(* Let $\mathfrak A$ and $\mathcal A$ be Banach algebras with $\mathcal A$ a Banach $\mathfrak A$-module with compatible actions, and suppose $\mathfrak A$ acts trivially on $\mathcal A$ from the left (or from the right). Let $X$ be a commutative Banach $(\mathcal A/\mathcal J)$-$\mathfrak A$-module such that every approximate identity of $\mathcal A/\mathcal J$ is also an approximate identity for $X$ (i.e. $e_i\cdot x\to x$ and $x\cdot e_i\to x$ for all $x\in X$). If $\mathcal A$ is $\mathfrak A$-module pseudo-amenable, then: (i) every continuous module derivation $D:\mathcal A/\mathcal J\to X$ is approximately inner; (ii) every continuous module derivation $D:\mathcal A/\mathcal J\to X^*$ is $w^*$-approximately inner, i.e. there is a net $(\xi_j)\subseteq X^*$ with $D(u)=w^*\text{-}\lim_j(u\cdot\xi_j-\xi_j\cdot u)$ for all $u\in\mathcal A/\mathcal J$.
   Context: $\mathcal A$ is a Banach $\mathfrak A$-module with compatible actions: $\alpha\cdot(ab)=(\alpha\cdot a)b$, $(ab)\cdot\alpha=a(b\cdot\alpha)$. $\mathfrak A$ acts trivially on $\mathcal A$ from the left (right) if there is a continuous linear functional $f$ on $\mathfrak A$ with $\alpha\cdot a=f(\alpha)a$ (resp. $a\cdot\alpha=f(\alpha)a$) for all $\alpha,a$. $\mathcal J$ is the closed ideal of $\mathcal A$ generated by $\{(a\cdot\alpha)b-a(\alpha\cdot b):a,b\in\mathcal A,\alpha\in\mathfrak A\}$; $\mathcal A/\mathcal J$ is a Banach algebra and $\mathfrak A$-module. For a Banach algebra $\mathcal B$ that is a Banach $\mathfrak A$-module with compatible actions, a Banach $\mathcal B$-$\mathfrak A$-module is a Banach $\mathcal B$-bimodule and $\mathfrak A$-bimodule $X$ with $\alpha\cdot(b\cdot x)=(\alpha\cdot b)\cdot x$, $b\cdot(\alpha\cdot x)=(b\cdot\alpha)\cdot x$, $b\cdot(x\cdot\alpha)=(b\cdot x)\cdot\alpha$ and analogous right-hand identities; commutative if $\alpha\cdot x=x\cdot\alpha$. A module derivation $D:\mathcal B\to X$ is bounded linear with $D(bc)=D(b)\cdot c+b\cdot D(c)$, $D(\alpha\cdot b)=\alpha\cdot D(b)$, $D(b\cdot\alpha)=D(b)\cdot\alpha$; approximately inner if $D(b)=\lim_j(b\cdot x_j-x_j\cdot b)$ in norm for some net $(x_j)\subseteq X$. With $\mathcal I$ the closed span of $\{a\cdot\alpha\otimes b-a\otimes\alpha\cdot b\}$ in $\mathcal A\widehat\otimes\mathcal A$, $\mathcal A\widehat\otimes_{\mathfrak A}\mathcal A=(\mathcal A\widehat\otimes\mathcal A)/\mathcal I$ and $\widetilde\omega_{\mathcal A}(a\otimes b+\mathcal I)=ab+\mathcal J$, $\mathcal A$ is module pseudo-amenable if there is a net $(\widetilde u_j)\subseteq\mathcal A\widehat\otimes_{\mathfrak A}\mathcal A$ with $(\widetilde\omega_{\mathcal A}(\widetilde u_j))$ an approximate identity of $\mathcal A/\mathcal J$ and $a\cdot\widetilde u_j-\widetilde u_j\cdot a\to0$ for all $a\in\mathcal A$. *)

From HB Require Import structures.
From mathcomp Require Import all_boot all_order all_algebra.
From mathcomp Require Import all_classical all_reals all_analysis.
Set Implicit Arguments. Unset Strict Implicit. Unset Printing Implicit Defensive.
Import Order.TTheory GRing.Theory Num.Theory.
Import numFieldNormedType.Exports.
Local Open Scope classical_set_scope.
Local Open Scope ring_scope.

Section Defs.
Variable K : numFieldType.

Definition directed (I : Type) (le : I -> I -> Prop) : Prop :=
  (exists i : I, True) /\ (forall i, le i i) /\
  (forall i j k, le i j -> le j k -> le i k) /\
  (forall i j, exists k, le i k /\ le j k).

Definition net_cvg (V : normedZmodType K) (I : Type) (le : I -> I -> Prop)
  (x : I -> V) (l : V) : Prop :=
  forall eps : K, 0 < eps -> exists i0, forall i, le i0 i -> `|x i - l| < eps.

WHAT TO PRODUCE
Each line above from the one with "From mathcomp Require Import all_boot" up to and including the one with "(forall i j k, le" must be set down exactly, and no line outside that span may appear.

YOUR SOLUTION
From mathcomp Require Import all_boot all_order all_algebra.
From mathcomp Require Import all_classical all_reals all_analysis.
Set Implicit Arguments. Unset Strict Implicit. Unset Printing Implicit Defensive.
Import Order.TTheory GRing.Theory Num.Theory.
Import numFieldNormedType.Exports.
Local Open Scope classical_set_scope.
Local Open Scope ring_scope.

Section Defs.
Variable K : numFieldType.

Definition directed (I : Type) (le : I -> I -> Prop) : Prop :=
  (exists i : I, True) /\ (forall i, le i i) /\
  (forall i j k, le i j -> le j k -> le i k) /\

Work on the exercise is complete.